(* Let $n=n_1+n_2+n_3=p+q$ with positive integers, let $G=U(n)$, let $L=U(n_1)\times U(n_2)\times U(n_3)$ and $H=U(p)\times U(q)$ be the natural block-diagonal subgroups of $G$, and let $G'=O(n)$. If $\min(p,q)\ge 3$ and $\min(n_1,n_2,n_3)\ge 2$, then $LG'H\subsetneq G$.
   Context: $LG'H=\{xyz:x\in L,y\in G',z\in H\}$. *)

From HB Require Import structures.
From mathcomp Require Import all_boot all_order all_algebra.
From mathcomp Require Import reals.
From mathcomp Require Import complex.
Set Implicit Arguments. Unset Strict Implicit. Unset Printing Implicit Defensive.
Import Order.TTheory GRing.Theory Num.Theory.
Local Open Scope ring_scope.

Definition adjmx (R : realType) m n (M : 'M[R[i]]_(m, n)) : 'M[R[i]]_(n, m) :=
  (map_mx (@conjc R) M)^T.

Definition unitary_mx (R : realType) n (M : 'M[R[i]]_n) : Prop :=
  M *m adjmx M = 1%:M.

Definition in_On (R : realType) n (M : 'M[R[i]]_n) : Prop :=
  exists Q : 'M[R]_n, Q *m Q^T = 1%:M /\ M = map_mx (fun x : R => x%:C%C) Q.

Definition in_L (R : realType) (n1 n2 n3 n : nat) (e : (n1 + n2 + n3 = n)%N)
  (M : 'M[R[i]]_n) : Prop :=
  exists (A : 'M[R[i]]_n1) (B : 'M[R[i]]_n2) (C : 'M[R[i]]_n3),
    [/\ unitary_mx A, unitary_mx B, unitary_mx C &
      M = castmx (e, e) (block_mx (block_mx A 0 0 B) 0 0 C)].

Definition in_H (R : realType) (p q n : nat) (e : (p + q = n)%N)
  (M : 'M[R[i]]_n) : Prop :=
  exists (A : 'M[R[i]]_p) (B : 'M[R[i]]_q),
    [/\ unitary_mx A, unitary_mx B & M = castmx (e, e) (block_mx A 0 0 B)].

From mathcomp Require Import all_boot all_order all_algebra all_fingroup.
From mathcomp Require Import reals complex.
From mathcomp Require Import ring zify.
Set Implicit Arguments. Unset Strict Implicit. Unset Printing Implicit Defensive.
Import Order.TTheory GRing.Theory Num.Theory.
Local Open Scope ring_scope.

☆ ☆ ☆ ☆

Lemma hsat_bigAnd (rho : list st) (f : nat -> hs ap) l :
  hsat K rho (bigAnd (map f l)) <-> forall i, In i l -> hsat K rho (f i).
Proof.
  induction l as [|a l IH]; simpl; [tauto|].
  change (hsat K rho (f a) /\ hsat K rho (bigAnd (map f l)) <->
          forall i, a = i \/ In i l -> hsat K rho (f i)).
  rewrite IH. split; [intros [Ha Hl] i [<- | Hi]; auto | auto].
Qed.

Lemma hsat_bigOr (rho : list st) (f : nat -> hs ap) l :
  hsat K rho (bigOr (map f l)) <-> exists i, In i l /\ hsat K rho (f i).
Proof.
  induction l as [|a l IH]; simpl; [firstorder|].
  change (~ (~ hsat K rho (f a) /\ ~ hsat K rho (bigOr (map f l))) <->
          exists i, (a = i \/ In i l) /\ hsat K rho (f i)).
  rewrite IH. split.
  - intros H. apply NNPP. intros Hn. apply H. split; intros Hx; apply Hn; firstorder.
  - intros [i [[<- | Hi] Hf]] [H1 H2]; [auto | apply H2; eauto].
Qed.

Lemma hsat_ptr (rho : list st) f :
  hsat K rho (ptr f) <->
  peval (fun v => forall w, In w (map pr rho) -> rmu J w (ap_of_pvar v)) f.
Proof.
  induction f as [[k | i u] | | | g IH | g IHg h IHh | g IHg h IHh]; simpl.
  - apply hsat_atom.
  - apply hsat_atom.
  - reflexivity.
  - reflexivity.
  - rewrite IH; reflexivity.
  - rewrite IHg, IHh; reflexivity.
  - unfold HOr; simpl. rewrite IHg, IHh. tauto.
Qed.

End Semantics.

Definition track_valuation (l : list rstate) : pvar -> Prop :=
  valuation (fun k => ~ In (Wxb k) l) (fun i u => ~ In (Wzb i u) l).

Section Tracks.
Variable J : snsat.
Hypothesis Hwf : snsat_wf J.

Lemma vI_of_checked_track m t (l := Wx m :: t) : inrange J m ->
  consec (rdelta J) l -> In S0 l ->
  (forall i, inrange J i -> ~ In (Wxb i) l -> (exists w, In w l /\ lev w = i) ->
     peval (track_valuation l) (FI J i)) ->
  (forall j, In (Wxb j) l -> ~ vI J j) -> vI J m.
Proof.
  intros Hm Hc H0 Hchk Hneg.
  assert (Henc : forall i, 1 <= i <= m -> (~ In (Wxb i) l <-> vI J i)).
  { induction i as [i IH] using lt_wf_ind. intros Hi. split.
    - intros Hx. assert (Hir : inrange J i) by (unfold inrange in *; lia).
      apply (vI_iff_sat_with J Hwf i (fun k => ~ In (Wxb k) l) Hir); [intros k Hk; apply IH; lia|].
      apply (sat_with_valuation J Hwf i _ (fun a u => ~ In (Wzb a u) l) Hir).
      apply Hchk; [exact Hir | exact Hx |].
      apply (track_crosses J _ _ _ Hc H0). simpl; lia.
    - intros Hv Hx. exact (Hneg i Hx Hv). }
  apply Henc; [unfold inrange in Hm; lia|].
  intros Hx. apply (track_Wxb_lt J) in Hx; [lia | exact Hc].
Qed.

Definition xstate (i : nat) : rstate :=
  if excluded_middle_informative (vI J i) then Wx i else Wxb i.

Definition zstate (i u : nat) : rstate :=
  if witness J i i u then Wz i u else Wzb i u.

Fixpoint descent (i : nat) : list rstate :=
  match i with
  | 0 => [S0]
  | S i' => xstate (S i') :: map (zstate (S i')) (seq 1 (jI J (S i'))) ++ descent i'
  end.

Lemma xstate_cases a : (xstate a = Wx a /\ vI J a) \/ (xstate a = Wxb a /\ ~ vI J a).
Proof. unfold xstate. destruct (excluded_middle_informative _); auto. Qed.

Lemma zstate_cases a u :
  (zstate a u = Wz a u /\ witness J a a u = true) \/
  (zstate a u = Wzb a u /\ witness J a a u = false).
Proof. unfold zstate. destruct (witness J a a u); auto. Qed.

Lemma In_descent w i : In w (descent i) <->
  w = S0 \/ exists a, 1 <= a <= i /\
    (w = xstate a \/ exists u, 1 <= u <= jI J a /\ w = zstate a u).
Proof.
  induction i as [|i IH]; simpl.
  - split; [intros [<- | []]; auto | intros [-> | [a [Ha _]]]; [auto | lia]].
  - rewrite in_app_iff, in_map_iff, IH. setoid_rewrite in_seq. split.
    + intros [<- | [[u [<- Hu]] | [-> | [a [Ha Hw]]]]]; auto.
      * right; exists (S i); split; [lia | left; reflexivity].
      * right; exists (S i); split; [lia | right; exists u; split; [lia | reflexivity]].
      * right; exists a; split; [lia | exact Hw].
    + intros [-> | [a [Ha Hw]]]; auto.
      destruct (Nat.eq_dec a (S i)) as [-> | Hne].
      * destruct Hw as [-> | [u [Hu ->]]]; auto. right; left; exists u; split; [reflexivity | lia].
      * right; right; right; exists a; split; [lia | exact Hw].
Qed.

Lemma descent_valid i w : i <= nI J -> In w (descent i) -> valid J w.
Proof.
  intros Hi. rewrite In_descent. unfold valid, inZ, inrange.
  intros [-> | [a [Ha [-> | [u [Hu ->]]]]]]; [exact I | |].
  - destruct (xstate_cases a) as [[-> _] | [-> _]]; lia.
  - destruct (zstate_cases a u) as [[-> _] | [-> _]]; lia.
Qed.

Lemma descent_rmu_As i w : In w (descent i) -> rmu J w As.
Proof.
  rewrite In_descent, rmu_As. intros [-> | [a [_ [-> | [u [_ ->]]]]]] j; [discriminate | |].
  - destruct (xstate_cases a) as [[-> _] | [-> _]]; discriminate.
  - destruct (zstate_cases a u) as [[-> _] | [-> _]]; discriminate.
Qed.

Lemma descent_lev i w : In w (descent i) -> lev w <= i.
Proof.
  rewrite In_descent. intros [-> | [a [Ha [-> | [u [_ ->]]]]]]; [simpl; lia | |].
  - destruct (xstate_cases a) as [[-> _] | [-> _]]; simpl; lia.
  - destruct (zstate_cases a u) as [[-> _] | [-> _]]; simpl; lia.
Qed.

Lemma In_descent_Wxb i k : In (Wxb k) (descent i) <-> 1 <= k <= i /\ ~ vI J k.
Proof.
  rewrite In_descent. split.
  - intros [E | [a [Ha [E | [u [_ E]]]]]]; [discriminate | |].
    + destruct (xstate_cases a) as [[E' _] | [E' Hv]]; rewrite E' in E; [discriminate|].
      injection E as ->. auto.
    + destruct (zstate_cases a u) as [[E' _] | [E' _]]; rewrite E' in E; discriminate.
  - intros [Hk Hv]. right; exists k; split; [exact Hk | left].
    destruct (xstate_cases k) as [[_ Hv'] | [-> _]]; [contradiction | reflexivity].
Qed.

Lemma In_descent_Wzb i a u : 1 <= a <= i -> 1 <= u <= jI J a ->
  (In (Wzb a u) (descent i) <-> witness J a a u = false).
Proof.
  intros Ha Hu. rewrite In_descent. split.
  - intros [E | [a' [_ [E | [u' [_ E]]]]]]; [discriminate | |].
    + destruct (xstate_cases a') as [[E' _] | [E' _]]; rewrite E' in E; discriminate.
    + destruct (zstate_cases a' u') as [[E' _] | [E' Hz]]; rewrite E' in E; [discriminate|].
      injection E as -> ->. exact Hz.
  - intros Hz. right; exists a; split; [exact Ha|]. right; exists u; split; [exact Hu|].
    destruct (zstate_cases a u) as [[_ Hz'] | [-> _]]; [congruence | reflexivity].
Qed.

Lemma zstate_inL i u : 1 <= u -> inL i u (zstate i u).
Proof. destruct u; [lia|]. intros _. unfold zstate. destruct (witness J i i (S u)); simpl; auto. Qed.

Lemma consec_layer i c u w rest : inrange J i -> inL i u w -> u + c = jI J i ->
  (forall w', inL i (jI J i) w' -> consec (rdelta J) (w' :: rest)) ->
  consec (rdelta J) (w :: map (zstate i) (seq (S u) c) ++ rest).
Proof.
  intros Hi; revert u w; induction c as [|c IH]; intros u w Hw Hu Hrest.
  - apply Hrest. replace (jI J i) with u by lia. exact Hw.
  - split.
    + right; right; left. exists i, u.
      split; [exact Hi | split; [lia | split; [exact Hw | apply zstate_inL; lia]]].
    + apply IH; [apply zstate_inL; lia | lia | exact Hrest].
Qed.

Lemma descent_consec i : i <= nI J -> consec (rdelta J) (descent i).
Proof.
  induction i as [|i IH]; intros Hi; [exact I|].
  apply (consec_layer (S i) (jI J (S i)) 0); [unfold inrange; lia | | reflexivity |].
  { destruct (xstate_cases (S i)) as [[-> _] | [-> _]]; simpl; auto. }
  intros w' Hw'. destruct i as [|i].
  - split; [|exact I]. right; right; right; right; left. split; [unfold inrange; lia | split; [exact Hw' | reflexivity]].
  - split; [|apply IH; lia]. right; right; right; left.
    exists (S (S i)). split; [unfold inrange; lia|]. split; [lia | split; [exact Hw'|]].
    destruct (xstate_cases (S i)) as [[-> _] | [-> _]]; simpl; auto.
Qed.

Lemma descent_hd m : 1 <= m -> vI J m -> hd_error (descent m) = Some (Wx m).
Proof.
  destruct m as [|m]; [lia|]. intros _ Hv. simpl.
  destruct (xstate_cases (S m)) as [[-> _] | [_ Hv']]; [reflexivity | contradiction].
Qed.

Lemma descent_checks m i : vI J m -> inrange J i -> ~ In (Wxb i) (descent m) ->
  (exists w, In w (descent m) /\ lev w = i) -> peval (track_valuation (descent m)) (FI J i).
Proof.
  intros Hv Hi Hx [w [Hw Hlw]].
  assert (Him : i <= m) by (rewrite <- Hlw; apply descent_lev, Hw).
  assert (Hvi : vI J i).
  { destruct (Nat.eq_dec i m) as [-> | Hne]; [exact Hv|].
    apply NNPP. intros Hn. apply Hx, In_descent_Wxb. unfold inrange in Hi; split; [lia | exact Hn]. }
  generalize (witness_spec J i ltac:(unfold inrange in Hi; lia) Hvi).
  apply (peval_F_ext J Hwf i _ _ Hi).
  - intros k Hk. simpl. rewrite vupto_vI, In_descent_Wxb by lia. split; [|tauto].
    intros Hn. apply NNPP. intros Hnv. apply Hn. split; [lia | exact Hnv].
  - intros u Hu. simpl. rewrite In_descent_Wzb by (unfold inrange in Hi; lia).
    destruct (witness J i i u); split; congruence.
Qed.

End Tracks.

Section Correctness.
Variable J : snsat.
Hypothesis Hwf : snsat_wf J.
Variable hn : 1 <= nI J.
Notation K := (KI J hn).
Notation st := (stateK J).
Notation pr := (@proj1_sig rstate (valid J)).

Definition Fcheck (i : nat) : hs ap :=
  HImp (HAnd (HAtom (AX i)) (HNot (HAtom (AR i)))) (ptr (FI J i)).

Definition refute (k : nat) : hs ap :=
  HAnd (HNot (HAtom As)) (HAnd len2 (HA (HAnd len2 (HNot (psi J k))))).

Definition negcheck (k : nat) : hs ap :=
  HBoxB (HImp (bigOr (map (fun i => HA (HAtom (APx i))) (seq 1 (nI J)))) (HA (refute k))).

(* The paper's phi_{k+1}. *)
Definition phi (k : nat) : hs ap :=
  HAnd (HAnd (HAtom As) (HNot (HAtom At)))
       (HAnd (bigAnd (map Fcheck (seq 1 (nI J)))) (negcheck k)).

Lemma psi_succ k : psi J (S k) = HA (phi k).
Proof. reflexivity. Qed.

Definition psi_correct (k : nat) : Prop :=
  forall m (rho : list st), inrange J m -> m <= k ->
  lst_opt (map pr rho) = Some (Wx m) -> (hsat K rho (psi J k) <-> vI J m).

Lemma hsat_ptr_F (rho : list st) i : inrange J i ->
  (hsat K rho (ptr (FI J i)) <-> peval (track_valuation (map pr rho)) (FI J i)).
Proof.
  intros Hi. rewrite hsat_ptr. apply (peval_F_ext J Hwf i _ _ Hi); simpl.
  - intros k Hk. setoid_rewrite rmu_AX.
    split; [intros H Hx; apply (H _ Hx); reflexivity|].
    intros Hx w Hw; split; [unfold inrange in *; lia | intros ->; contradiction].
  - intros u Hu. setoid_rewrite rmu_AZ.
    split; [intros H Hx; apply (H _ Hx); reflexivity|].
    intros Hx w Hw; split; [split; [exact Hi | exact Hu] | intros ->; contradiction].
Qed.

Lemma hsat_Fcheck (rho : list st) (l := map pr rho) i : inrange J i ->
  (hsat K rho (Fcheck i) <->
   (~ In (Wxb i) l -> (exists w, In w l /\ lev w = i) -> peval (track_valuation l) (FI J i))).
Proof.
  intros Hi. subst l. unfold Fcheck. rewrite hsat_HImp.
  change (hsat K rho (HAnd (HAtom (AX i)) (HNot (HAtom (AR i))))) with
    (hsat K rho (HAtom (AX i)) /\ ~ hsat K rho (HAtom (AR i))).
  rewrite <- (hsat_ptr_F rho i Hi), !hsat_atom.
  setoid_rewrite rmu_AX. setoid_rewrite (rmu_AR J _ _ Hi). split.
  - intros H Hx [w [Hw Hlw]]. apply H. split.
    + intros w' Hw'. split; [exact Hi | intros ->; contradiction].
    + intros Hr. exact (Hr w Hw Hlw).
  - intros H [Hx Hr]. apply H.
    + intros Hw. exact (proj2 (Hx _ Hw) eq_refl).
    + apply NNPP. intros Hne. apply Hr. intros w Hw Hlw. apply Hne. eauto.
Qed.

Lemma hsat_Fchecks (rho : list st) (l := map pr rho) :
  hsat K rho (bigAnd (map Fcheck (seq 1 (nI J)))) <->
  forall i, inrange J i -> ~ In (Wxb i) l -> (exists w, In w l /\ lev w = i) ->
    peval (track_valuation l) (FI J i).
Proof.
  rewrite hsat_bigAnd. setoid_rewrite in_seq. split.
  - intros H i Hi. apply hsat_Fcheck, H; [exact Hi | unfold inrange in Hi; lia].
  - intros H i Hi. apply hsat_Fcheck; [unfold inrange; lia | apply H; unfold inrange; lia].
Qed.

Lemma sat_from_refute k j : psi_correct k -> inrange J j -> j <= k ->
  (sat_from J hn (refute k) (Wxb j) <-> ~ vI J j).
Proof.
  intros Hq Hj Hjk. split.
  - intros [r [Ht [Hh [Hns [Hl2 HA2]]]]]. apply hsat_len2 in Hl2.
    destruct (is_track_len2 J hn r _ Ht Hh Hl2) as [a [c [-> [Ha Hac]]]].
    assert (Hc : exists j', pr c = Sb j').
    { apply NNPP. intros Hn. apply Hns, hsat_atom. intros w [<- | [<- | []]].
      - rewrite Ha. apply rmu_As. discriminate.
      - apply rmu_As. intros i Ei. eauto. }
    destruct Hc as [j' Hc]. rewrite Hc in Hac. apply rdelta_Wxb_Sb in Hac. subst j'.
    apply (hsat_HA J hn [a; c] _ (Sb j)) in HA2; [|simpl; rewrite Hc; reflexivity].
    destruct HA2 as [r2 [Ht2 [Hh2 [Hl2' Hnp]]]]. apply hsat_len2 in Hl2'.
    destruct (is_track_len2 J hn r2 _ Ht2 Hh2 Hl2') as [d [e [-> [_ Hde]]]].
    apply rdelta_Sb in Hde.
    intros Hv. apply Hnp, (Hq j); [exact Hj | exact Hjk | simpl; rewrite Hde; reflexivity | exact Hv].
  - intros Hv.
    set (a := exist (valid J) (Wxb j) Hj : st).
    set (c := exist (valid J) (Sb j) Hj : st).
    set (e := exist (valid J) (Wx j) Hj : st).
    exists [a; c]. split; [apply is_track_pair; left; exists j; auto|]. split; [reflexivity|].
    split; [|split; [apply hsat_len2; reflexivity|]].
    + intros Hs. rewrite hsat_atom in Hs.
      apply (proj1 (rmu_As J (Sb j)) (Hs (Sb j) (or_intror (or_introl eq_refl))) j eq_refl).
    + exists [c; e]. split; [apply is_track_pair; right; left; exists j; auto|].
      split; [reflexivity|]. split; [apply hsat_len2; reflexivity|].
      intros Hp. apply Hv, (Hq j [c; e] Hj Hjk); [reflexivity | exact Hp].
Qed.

☆ ☆ ☆ ☆

◆ **WHAT TO PRODUCE**
Print exactly the lines of the listing above starting at the line containing "hsat K rho (bigAnd (map f l)) <-> forall" and ending at the line containing "- intros Hx.", both included.

◆ **ANSWER FOR THE TASK**
  hsat K rho (bigAnd (map f l)) <-> forall i, In i l -> hsat K rho (f i).
Proof.
  induction l as [|a l IH]; simpl; [tauto|].
  change (hsat K rho (f a) /\ hsat K rho (bigAnd (map f l)) <->
          forall i, a = i \/ In i l -> hsat K rho (f i)).
  rewrite IH. split; [intros [Ha Hl] i [<- | Hi]; auto | auto].
Qed.

Lemma hsat_bigOr (rho : list st) (f : nat -> hs ap) l :
  hsat K rho (bigOr (map f l)) <-> exists i, In i l /\ hsat K rho (f i).
Proof.
  induction l as [|a l IH]; simpl; [firstorder|].
  change (~ (~ hsat K rho (f a) /\ ~ hsat K rho (bigOr (map f l))) <->
          exists i, (a = i \/ In i l) /\ hsat K rho (f i)).
  rewrite IH. split.
  - intros H. apply NNPP. intros Hn. apply H. split; intros Hx; apply Hn; firstorder.
  - intros [i [[<- | Hi] Hf]] [H1 H2]; [auto | apply H2; eauto].
Qed.

Lemma hsat_ptr (rho : list st) f :
  hsat K rho (ptr f) <->
  peval (fun v => forall w, In w (map pr rho) -> rmu J w (ap_of_pvar v)) f.
Proof.
  induction f as [[k | i u] | | | g IH | g IHg h IHh | g IHg h IHh]; simpl.
  - apply hsat_atom.
  - apply hsat_atom.
  - reflexivity.
  - reflexivity.
  - rewrite IH; reflexivity.
  - rewrite IHg, IHh; reflexivity.
  - unfold HOr; simpl. rewrite IHg, IHh. tauto.
Qed.

End Semantics.

Definition track_valuation (l : list rstate) : pvar -> Prop :=
  valuation (fun k => ~ In (Wxb k) l) (fun i u => ~ In (Wzb i u) l).

Section Tracks.
Variable J : snsat.
Hypothesis Hwf : snsat_wf J.

Lemma vI_of_checked_track m t (l := Wx m :: t) : inrange J m ->
  consec (rdelta J) l -> In S0 l ->
  (forall i, inrange J i -> ~ In (Wxb i) l -> (exists w, In w l /\ lev w = i) ->
     peval (track_valuation l) (FI J i)) ->
  (forall j, In (Wxb j) l -> ~ vI J j) -> vI J m.
Proof.
  intros Hm Hc H0 Hchk Hneg.
  assert (Henc : forall i, 1 <= i <= m -> (~ In (Wxb i) l <-> vI J i)).
  { induction i as [i IH] using lt_wf_ind. intros Hi. split.
    - intros Hx. assert (Hir : inrange J i) by (unfold inrange in *; lia).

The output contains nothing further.